UNRULY HILLSNature and Nation in India’s Northeast
Bengt G. Karlsson


‘This wonderful ethnography of Meghalaya’s natural resource politics, of nature and nation, makes engrossing reading. Deforestation, mining, the drying up of rivers, climate change as well as insurgency and sovereignty are words that trip easily off policy makers’ tongues, but too often, they lack engagement with real life. Here is a book that brings flesh and passion to these issues showing what they mean to the people affected. Balancing multiple actors and institutions, from the Supreme Court of India which banned timber felling in the Northeast to the Khasi Student’s Union which is protesting against uranium mining to ordinary men and women who recount myths about their sacred hills, this volume fills a critical gap in the environmental history and ethnography of both Northeast India and the current moment of resource management.’
Nandini Sundar, Delhi School of Economics, Delhi University

Unruly Hills is one of the most original and provocative books on environment and politics in India. Communities supposedly control most land, forests and other natural resources in the hills of Northeast India. However capitalist transformations have rendered the hill communities quite powerless: they are hardly able to control the local resource base. Behind the legal fictions of community ownership lie the ugly reality of a ‘resource frontier’ where there is massive privatization and accumulation of land by local elites and serious environmental degradation as the result of the crude exploitation of forests, water, and mineral resources. Karlsson’s book brims with fresh insights on the crisis of legitimacy of India’s democratic institutions in this border region.’
Sanjib Baruah, Bard College, New York and Centre for Policy Research, New Delhi

_____________________________________________

350 pp 215x140 mm Hardback 14 illustrations
SSP-OBS joint publication
Published price Rs 695
ISBN 978-81-87358-59-6
Pub date Jan 2011

____________________________________________

Unruly Hills examines the intersection of environmental and ethnic politics in the Indian state of Meghalaya.
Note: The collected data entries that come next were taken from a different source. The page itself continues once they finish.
(* Let $m,n\ge1$. If there exists a KA$(m,n)$ and there exists a pair of orthogonal diagonal Latin squares of order $n$, then there exists an $m$-SCMS$(n)$.
   Context: $I_k=\{0,\dots,k-1\}$. A Kotzig array KA$(m,n)$ is an $m\times n$ array in which each row is a permutation of $\{0,1,\dots,n-1\}$ and all column sums are equal. A Latin square of order $n$ over an $n$-set $S$ is an $n\times n$ array each of whose rows and columns is a permutation of $S$; it is diagonal if its main diagonal $(a_{i,i})$ and back diagonal $(a_{i,n-1-i})$ are also permutations of $S$. Two Latin squares of order $n$ are orthogonal if, when superimposed, each ordered pair of symbols occurs exactly once. An MS$(n)$ is an $n\times n$ matrix with entries exactly $0,\dots,n^2-1$ whose row sums, column sums and two diagonal sums are all equal. $S_2(n)=\frac1n\sum_{k=0}^{n^2-1}k^2$. An $m$-SCMS$(n)$ is a list $B_0,\dots,B_{m-1}$ of (not necessarily distinct) MS$(n)$s, $B_s=(b^{(s)}_{i,j})$, such that $\sum_{s\in I_m}\sum_{j\in I_n}(b^{(s)}_{i,j})^{2}=mS_{2}(n)$ for every $i$, $\sum_{s\in I_m}\sum_{i\in I_n}(b^{(s)}_{i,j})^{2}=mS_{2}(n)$ for every $j$, $\sum_{s}\sum_{i}(b^{(s)}_{i,i})^{2}=mS_{2}(n)$, and $\sum_{s}\sum_{i}(b^{(s)}_{i,n-1-i})^{2}=mS_{2}(n)$. *)

From mathcomp Require Import all_boot.
Set Implicit Arguments. Unset Strict Implicit. Unset Printing Implicit Defensive.

Definition kotzig_array (m n : nat) (K : 'I_m -> 'I_n -> 'I_n) : Prop :=
  (forall i, injective (K i)) /\
  (forall j j' : 'I_n, \sum_(i < m) (K i j : nat) = \sum_(i < m) (K i j' : nat)).

Definition latin_square (n : nat) (L : 'I_n -> 'I_n -> 'I_n) : Prop :=
  (forall i, injective (L i)) /\ (forall j, injective (fun i => L i j)).

Definition diagonal_latin_square (n : nat) (L : 'I_n -> 'I_n -> 'I_n) : Prop :=
  latin_square L /\
  injective (fun i => L i i) /\
  injective (fun i => L i (rev_ord i)).

Definition orthogonal (n : nat) (L1 L2 : 'I_n -> 'I_n -> 'I_n) : Prop :=
  injective (fun p : 'I_n * 'I_n => (L1 p.1 p.2, L2 p.1 p.2)).

Definition magic_square (n : nat) (B : 'I_n -> 'I_n -> nat) : Prop :=
  (forall i j, B i j < n ^ 2) /\
  injective (fun p : 'I_n * 'I_n => B p.1 p.2) /\
  exists c : nat,
    (forall i, \sum_(j < n) B i j = c) /\
    (forall j, \sum_(i < n) B i j = c) /\
    \sum_(i < n) B i i = c /\
    \sum_(i < n) B i (rev_ord i) = c.

(* n * S_2(n) = sum_{k < n^2} k^2, so "X = m S_2(n)" is encoded as
   n * X = m * sum_{k<n^2} k^2 (exactly equivalent, avoids rationals). *)
Definition sum_sq (n : nat) : nat := \sum_(k < n ^ 2) k ^ 2.

Definition scms (m n : nat) (B : 'I_m -> 'I_n -> 'I_n -> nat) : Prop :=
  (forall s, magic_square (B s)) /\
  (forall i, n * (\sum_(s < m) \sum_(j < n) (B s i j) ^ 2) = m * sum_sq n) /\
  (forall j, n * (\sum_(s < m) \sum_(i < n) (B s i j) ^ 2) = m * sum_sq n) /\
  n * (\sum_(s < m) \sum_(i < n) (B s i i) ^ 2) = m * sum_sq n /\
  n * (\sum_(s < m) \sum_(i < n) (B s i (rev_ord i)) ^ 2) = m * sum_sq n.

From mathcomp Require Import all_boot.
From mathcomp Require Import zify.

(* Take B_s(i,j) = n K(s, L1(i,j)) + L2(i,j), a two-digit base-n number.
   Orthogonality of L1, L2 makes the entries of each B_s exactly 0..n^2-1, and
   every line (row, column or diagonal) of a diagonal Latin square meets each
   symbol once, so each B_s is magic.  Over a line of all m squares, the sum of
   the squared entries is n^2 m Q + 2n (sum_t L2_t sum_s K(s,t)) + m Q, where
   S = sum_(k<n) k and Q = sum_(k<n) k^2.  The cross term is the only one that
   could depend on the line; it does not, because every column sum of the
   Kotzig array equals m S / n, and the total becomes m (n^3 Q + 2 n S^2 + n Q) / n
   = m S_2(n). *)

Lemma sum_comp_inj {n} {f : 'I_n -> 'I_n} (g : nat -> nat) :
  injective f -> \sum_(t < n) g (f t) = \sum_(t < n) g t.
Proof. by move=> f_inj; rewrite [RHS](reindex_inj f_inj). Qed.

Lemma big_nat_mul_digits n a (f : nat -> nat) :
  \sum_(0 <= k < n * a) f k = \sum_(0 <= x < a) \sum_(0 <= y < n) f (n * x + y).
Proof.
elim: a => [|a IH]; first by rewrite muln0 !big_geq.
rewrite big_nat_recr //= -IH mulnS addnC (big_cat_nat _ (n := n * a)) ?leq_addr //=.
congr (_ + _); rewrite -{1}[n * a]add0n big_addn addKn.
by apply: eq_bigr => y _; rewrite addnC.
Qed.

Lemma sum_sq_digits a n (x : 'I_a -> 'I_n -> nat) (y : 'I_n -> nat) :
  \sum_(s < a) \sum_(t < n) (n * x s t + y t) ^ 2 =
    n ^ 2 * (\sum_(s < a) \sum_(t < n) x s t ^ 2)
    + 2 * n * (\sum_(t < n) y t * \sum_(s < a) x s t)
    + a * \sum_(t < n) y t ^ 2.
Proof.
have sqE t s : (n * x s t + y t) ^ 2 = n ^ 2 * x s t ^ 2 + 2 * n * (y t * x s t) + y t ^ 2.
  by rewrite sqrnD expnMn; lia.
under eq_bigr do under eq_bigr do rewrite sqE.
under eq_bigr do rewrite !big_split /=.
rewrite !big_split /=; congr (_ + _ + _).
- by rewrite big_distrr; apply: eq_bigr => s _; rewrite big_distrr.
- rewrite exchange_big /= big_distrr /=; apply: eq_bigr => t _.
  by rewrite -!big_distrr.
- by rewrite sum_nat_const card_ord.
Qed.

Lemma sum_sqE n :
  sum_sq n = n ^ 3 * (\sum_(k < n) k ^ 2) + 2 * n * (\sum_(k < n) k) ^ 2
             + n * (\sum_(k < n) k ^ 2).
Proof.
have -> : sum_sq n = \sum_(s < n) \sum_(t < n) (n * s + t) ^ 2.
  rewrite /sum_sq -mulnn -(big_mkord xpredT (fun k => k ^ 2)) big_nat_mul_digits.
  by rewrite big_mkord; under eq_bigr do rewrite big_mkord.
rewrite (@sum_sq_digits n n (fun s _ => s) (fun t => t)) /=.
have -> : \sum_(s < n) \sum_(t < n) (s : nat) ^ 2 = n * \sum_(k < n) k ^ 2.
  by rewrite big_distrr; apply: eq_bigr => s _; rewrite sum_nat_const card_ord.
rewrite -big_distrl /=; lia.
Qed.

Lemma sum_digits_perm n (u v : 'I_n -> 'I_n) :
  injective u -> injective v ->
  \sum_(t < n) (n * u t + v t) = n * (\sum_(k < n) k) + \sum_(k < n) k.
Proof.
move=> u_inj v_inj; rewrite big_split /= -big_distrr /=.
by rewrite (sum_comp_inj (fun k => k) u_inj) (sum_comp_inj (fun k => k) v_inj).
Qed.

Lemma digits_inj n (a b a' b' : 'I_n) :
  n * a + b = n * a' + b' -> a = a' /\ b = b'.
Proof.
have n_gt0 : 0 < n := leq_ltn_trans (leq0n a) (ltn_ord a).
move=> E; have bE : (b : nat) = b'.
  by have := congr1 (modn^~ n) E; rewrite !(mulnC n) !modnMDl !modn_small.
split; apply: val_inj => //=.
by apply/eqP; rewrite -(eqn_pmul2l n_gt0) -(eqn_add2r b) {2}bE E.
Qed.

Lemma magic_square_orthogonal n (k : 'I_n -> 'I_n) (L1 L2 : 'I_n -> 'I_n -> 'I_n) :
  injective k -> diagonal_latin_square L1 -> diagonal_latin_square L2 ->
  orthogonal L1 L2 -> magic_square (fun i j => n * k (L1 i j) + L2 i j).
Proof.
move=> k_inj [[r1 c1] [d1 a1]] [[r2 c2] [d2 a2]] L12_orth.
have line_inj (u : 'I_n -> 'I_n) : injective u -> injective (fun t => k (u t)).
  by move=> u_inj a b /k_inj /u_inj.
split; [|split].
- move=> i j; have := ltn_ord (k (L1 i j)); have := ltn_ord (L2 i j); nia.
- move=> [i j] [i' j'] /digits_inj /= [/k_inj E1 E2].
  by apply: L12_orth => /=; rewrite E1 E2.
- exists (n * (\sum_(t < n) t) + \sum_(t < n) t).
  split; [|split; [|split]].
  + by move=> i; apply: sum_digits_perm (line_inj _ (r1 i)) (r2 i).
  + by move=> j; apply: sum_digits_perm (line_inj _ (c1 j)) (c2 j).
  + exact: sum_digits_perm (line_inj _ d1) d2.
  + exact: sum_digits_perm (line_inj _ a1) a2.
Qed.

Section KotzigArray.
Variables (m n : nat) (K : 'I_m -> 'I_n -> 'I_n).
Hypothesis KA : kotzig_array K.

Lemma kotzig_array_comp (u : 'I_n -> 'I_n) :
  injective u -> kotzig_array (fun s t => K s (u t)).
Proof.
move=> u_inj; split=> [s a b /KA.1 /u_inj //|t t'].
exact: KA.2.
Qed.

Lemma kotzig_row_sum s (g : nat -> nat) :
  \sum_(t < n) g (K s t) = \sum_(k < n) g k.
Proof. exact: sum_comp_inj (KA.1 s). Qed.

Lemma kotzig_column_sum j :
  n * (\sum_(s < m) (K s j : nat)) = m * \sum_(k < n) k.
Proof.
have <- : \sum_(t < n) \sum_(s < m) (K s t : nat) = n * \sum_(s < m) (K s j : nat).
  by under eq_bigr => t _ do rewrite (KA.2 t j); rewrite sum_nat_const card_ord.
rewrite exchange_big /=.
by under eq_bigr do rewrite (kotzig_row_sum _ id); rewrite sum_nat_const card_ord.
Qed.

Lemma kotzig_sq_sum (x0 : 'I_n) (v : 'I_n -> 'I_n) :
  injective v ->
  n * (\sum_(s < m) \sum_(t < n) (n * K s t + v t) ^ 2) = m * sum_sq n.
Proof.
move=> v_inj; rewrite sum_sq_digits sum_sqE.
have -> : \sum_(t < n) v t * \sum_(s < m) K s t = (\sum_(s < m) K s x0) * \sum_(k < n) k.
  under eq_bigr => t _ do rewrite (KA.2 t x0).
  by rewrite -big_distrl /= (sum_comp_inj (fun k => k) v_inj) mulnC.
have -> : \sum_(s < m) \sum_(t < n) (K s t : nat) ^ 2 = m * \sum_(k < n) k ^ 2.
  by under eq_bigr do rewrite (kotzig_row_sum _ (fun k => k ^ 2)); rewrite sum_nat_const card_ord.
rewrite (sum_comp_inj (fun k => k ^ 2) v_inj).
have := kotzig_column_sum x0.
move: (\sum_(s < m) _) (\sum_(k < n) k) (\sum_(k < n) k ^ 2) => c S Q ncE.
have -> : n * (n ^ 2 * (m * Q) + 2 * n * (c * S) + m * Q)
          = m * (n ^ 3 * Q) + 2 * n * S * (n * c) + m * (n * Q) by lia.
rewrite ncE; lia.
Qed.

End KotzigArray.

Theorem lemma3 (m n : nat) (hm : 1 <= m) (hn : 1 <= n) :
  (exists K : 'I_m -> 'I_n -> 'I_n, kotzig_array K) ->
  (exists L1 L2 : 'I_n -> 'I_n -> 'I_n,
      diagonal_latin_square L1 /\ diagonal_latin_square L2 /\ orthogonal L1 L2) ->
  exists B : 'I_m -> 'I_n -> 'I_n -> nat, scms B.
Proof.
move=> [K KA] [L1 [L2 [L1_dls [L2_dls L12_orth]]]].
have x0 : 'I_n := Ordinal hn.
have [[r1 c1] [d1 a1]] := L1_dls; have [[r2 c2] [d2 a2]] := L2_dls.
have line_sq (u v : 'I_n -> 'I_n) : injective u -> injective v ->
    n * (\sum_(s < m) \sum_(t < n) (n * K s (u t) + v t) ^ 2) = m * sum_sq n.
  by move=> u_inj; apply: kotzig_sq_sum x0 _; apply: kotzig_array_comp.
exists (fun s i j => n * K s (L1 i j) + L2 i j).
split; first by move=> s; apply: magic_square_orthogonal => //; apply: KA.1.
split; [|split; [|split]].
- by move=> i; apply: line_sq (r1 i) (r2 i).
- by move=> j; apply: line_sq (c1 j) (c2 j).
- exact: line_sq d1 d2.
- exact: line_sq a1 a2.
Qed.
Based on extensive fieldwork, the author traces the entanglements of forest management, mining and territorial conflicts with local demands for indigenous sovereignty and rebellious aspirations for ethnic homelands. Massive extractions of limestone; controversies over uranium deposits; and the Supreme Court ban on logging apply to the cases specifically explored.
The book will be of interest to students of anthropology, political ecology and environmental history as well as to those concerned with development and the rights of indigenous peoples.
ContentsIntroduction
1. Nature and Nation
2. Elusive Forests
3. Shifting Land Rights
4. Mining Matters
5. Indigenous Governance
6. Political Ecology at the Frontier
Bibliography
Index


Bengt G. Karlsson is Associate Professor in Social Anthropology at Stockholm University. His main research interests concern the politics of nature and identity, especially in relation to indigenous peoples’ movements in India. He is author of Contested Belonging: An Indigenous People’s Struggle for Forest and Identity in Sub-Himalayan Bengal (2000) and co-editor of Indigeneity in India (2006) with T.B. Subba.